Introduction
At the intersection
of various disciplines (historical, linguistic, literary), onomastics,
whose autonomous scientific character is increasingly acknowledged by
the international scientific community at large, is undergoing a period
of new activity. The contribution of studies in medieval onomastics, indispensable
to the proliferation of detailed studies, is currently witnessing two
ambitious research exercises on a vast scale. The recognition of the importance
of onomastic usage as a source for the study of the various aspects of
social groups (from the point of view of economic history and the history
of mentality), is the premise of the international GREHAM (Groupe de recherche
européen sur l'histoire de l'anthroponymie médiévale)
project, co-ordinated by Monique Bourin (University of Tours). The now
established use of onomastics made by language historians, who are well
aware of the value of the phono-morphological and lexical data provided
by proper names and anthroponyms in Middle Age Latin documents for periods
so bereft of written vernacular evidence, is likewise available. Hence
the other large project on a European scale: PATROM (Patronymica Romanica)
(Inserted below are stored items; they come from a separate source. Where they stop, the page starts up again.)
Hypothesis r_pos : forall n, 0 < r n.
Hypothesis c_incr : forall n, c n < c (S n).

(* For [n = 0] the bound [c (pred 0)] is spurious: [parab_comp 0] is the identity. *)
Lemma parab_comp_lt n z1 z2 : c (pred n) < z1 -> z1 < z2 ->
  parab_comp n z1 < parab_comp n z2.
Proof.
  revert z1 z2; induction n as [|m IH]; intros z1 z2 H1 H12; [exact H12|].
  cbn [parab_comp pred] in *; apply IH.
  - pose proof (incr_seq_le c c_incr (pred m) m ltac:(lia)).
    pose proof (parab_map_gt (c m) (r m) z1 (r_pos m) H1); lra.
  - now apply parab_map_lt.
Qed.

Lemma parab_comp_tail n m w : (n <= m)%nat -> c m < w ->
  exists w', c n < w' /\ parab_comp m w = parab_comp n w'.
Proof.
  intros Hnm; revert w; induction Hnm as [|m Hnm IH]; intros w Hw; [now exists w|].
  apply IH, parab_map_gt; [apply r_pos|].
  specialize (c_incr m); lra.
Qed.

Lemma parab_orbit_bracket n m : (n < m)%nat ->
  parab_comp n (parab_map (c n) (r n) (c (S n))) < parab_orbit m < parab_orbit n.
Proof.
  intros Hnm; unfold parab_orbit.
  assert (Htop : c m < c m + / r m) by (pose proof (Rinv_0_lt_compat _ (r_pos m)); lra).
  destruct (parab_comp_tail (S n) m _ Hnm Htop) as [w [Hw ->]]; cbn [parab_comp].
  pose proof (incr_seq_le c c_incr (pred n) n ltac:(lia)) as Hpred.
  pose proof (c_incr n) as Hcn.
  pose proof (parab_map_gt (c n) (r n) (c (S n)) (r_pos n) Hcn).
  pose proof (parab_map_gt (c n) (r n) w (r_pos n) ltac:(lra)).
  split; apply parab_comp_lt; try lra.
  - apply parab_map_lt; [apply r_pos | lra | exact Hw].
  - apply parab_map_lt_top; [apply r_pos | lra].
Qed.

Lemma parab_orbit_lim_bounds (L : R) n : is_lim_seq parab_orbit L ->
  parab_comp n (parab_map (c n) (r n) (c (S n))) <= L <= parab_orbit n.
Proof.
  intros HL; set (low := parab_comp n _); split.
  - change (Rbar_le low L).
    apply (is_lim_seq_le_loc (fun _ => low) parab_orbit); [|apply is_lim_seq_const | exact HL].
    exists (S n); intros m Hm; left; apply (parab_orbit_bracket n m Hm).
  - change (Rbar_le L (parab_orbit n)).
    apply (is_lim_seq_le_loc parab_orbit (fun _ => parab_orbit n));
      [|exact HL | apply is_lim_seq_const].
    exists (S n); intros m Hm; left; apply (parab_orbit_bracket n m Hm).
Qed.

Lemma parab_orbit_cvg : exists L, c 0 < L /\ is_lim_seq parab_orbit L.
Proof.
  set (B := parab_map (c 0) (r 0) (c 1)).
  assert (HB : c 0 < B) by (apply parab_map_gt; [apply r_pos | apply c_incr]).
  assert (Hlb : forall m, B <= parab_orbit m).
  { intros [|m]; left; [|apply (parab_orbit_bracket 0 (S m) ltac:(lia))].
    apply parab_map_lt_top; [apply r_pos | apply c_incr]. }
  assert (Hdecr : Un_decreasing parab_orbit).
  { intro n; left; apply (parab_orbit_bracket n (S n) ltac:(lia)). }
  assert (Hbdd : has_lb parab_orbit).
  { exists (- B); intros z [m ->]; unfold opp_seq; specialize (Hlb m); lra. }
  destruct (decreasing_cv _ Hdecr Hbdd) as [L HL]; apply is_lim_seq_Reals in HL.
  exists L; split; [|exact HL].
  pose proof (parab_orbit_lim_bounds L 0 HL) as Hb; cbn [parab_comp] in Hb; fold B in Hb; lra.
Qed.

End Composition.

Lemma parab_comp_ext c r c' r' n z :
  (forall i, (i < n)%nat -> c i = c' i /\ r i = r' i) ->
  parab_comp c r n z = parab_comp c' r' n z.
Proof.
  revert z; induction n as [|n IH]; intros z Hcr; [reflexivity|]; cbn [parab_comp].
  destruct (Hcr n ltac:(lia)) as [-> ->].
  apply IH; intros i Hi; apply Hcr; lia.
Qed.

Section Products.

Variables (p : nat -> Mat) (x tau : nat -> R) (k : nat -> nat).
Hypothesis p_parab : forall n, parab_pm (p n) (x n) (tau n).
Hypothesis tau_pos : forall n, 0 < tau n.
Hypothesis x_incr : forall n, x n < x (S n).
Hypothesis k_incr : strictly_incr k.

Local Notation c := (fun n => x (k n)).
Local Notation r := (fun n => tau (k n)).

Lemma subseq_incr n : x (k n) < x (k (S n)).
Proof. apply incr_seq_lt, strictly_incr_lt; auto. Qed.

Lemma act_sub_prod n z : x (k n) < z ->
  mc (sub_prod p k n) * z + md (sub_prod p k n) <> 0 /\
  act (sub_prod p k n) z = parab_comp c r (S n) z.
Proof.
  revert z; induction n as [|n IH]; intros z Hz;
    destruct (act_parab_pm _ _ _ z (p_parab _) (tau_pos _) Hz) as [Hden Hact];
    [now split|].
  pose proof (subseq_incr n) as Hkn.
  pose proof (parab_map_gt _ _ z (tau_pos (k (S n))) Hz) as Hgt.
  destruct (IH (act (p (k (S n))) z) ltac:(rewrite Hact; lra)) as [Hden' Hact'].
  destruct (act_mul _ _ z Hden Hden') as [Hden'' Hact''].
  split; [exact Hden''|].
  cbn [sub_prod]; rewrite Hact'', Hact', Hact; reflexivity.
Qed.

Lemma sub_prod_ratio n : mc (sub_prod p k n) <> 0 /\
  ma (sub_prod p k n) / mc (sub_prod p k n) = parab_orbit c r n.
Proof.
  destruct (parab_pm_ratio _ _ _ (p_parab (k n)) (tau_pos _)) as [Hc Hratio].
  destruct n as [|n]; [now split|].
  assert (Htop : x (k n) < x (k (S n)) + / tau (k (S n))).
  { pose proof (subseq_incr n); pose proof (Rinv_0_lt_compat _ (tau_pos (k (S n)))); lra. }
  destruct (act_sub_prod n _ Htop) as [Hden Hact].
  rewrite <- Hratio in Hden, Hact.
  destruct (ratio_mul _ _ Hc Hden) as [Hc' Hratio'].
  split; [exact Hc'|].
  cbn [sub_prod]; rewrite Hratio', Hact, Hratio; reflexivity.
Qed.

Lemma orbit_inf_conv_iff (L : R) :
  orbit_inf_conv (sub_prod p k) L <-> is_lim_seq (parab_orbit c r) L.
Proof.
  unfold orbit_inf_conv; split.
  - intros [_ HL]; apply (is_lim_seq_ext _ _ _ (fun n => proj2 (sub_prod_ratio n)) HL).
  - intros HL; split; [exists 0%nat; intros n _; apply sub_prod_ratio|].
    apply (is_lim_seq_ext (parab_orbit c r)); [|exact HL].
    intro n; symmetry; apply sub_prod_ratio.
Qed.

Lemma sub_prod_cvg : exists L, x (k 0) < L /\ orbit_inf_conv (sub_prod p k) L.
Proof.
  destruct (parab_orbit_cvg c r (fun n => tau_pos (k n)) subseq_incr) as [L [HL Hcv]].
  exists L; split; [exact HL | now apply orbit_inf_conv_iff].
Qed.

End Products.

Lemma lex_separated_eq (Lim : (nat -> bool) -> R -> Prop) :
  (forall b b' n L L', (forall i, (i < n)%nat -> b i = b' i) ->
     b n = false -> b' n = true -> Lim b L -> Lim b' L' -> L < L') ->
  forall b b' L, Lim b L -> Lim b' L -> forall n, b n = b' n.
Proof.
  intros Hsep b b' L HL HL' n; induction n as [n IH] using lt_wf_ind.
  destruct (b n) eqn:Hb, (b' n) eqn:Hb'; try reflexivity; exfalso.
  - assert (L < L) by (apply (Hsep b' b n L L); auto; intros i Hi; symmetry; auto); lra.
  - assert (L < L) by (apply (Hsep b b' n L L); auto); lra.
Qed.

Lemma cantor_diagonal (Lim : (nat -> bool) -> R -> Prop) :
  (forall b, exists L, Lim b L) ->
  (forall b b' L, Lim b L -> Lim b' L -> forall n, b n = b' n) ->
  ~ countable_set (fun L => exists b, Lim b L).
Proof.
  intros Hex Hinj [e He].
  assert (Hpick : forall m, exists b, (exists b', Lim b' (e m)) -> Lim b (e m)).
  { intro m; destruct (classic (exists b', Lim b' (e m))) as [[b' Hb'] | Hno].
    - now exists b'.
    - exists (fun _ => false); intro H; contradiction. }
  destruct (choice _ Hpick) as [B HB].
  set (diag := fun m => negb (B m m)).
  destruct (Hex diag) as [L HL].
  destruct (He L (ex_intro _ diag HL)) as [m Hm]; subst L.
  pose proof (Hinj _ _ _ (HB m (ex_intro _ diag HL)) HL m) as Hm.
  unfold diag in Hm; destruct (B m m); discriminate.
Qed.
co-ordinated by Dieter Kremer (University of Treviri), which aims at compiling
a large historical-etymological dictionary of anthroponymy, restricted
to Romance languages. From these two projects it is increasingly clear
that there is a necessity in this field not only on the part of linguists
and medievalists, but of any specialist, to tackle the onomastic evidence,
each according to his own principles, yet respecting the legitimacy of
the respective points of view. These are principles and methodologies
that have now reached a level of considerable refinement in Italy which,
in any case, is playing an active role in both projects mentioned. Among
the other unmistakable signs of Italy's international zeal for onomastic
studies was the creation in 1994 in Pisa of the Onomastics and Literature
Association (O&L), where not only scholars of literature, but also
linguists, philologists and semiologists meet, and in November 1995 in
Rome, the Rivista Italiana di Onomastica (RIOn) [The Italian Onomastics
Journal] edited by Enzo Caffarelli. RIOn will be the main point of reference
for the section we are going to open in SPOLIA. The information we shall
present, originating from my co -operation with RIOn and personal research,
will be organised for the time being by linguistic rules and in accordance
with a simple sub-division: Anthroponymy, Toponomy and literary Onomastics.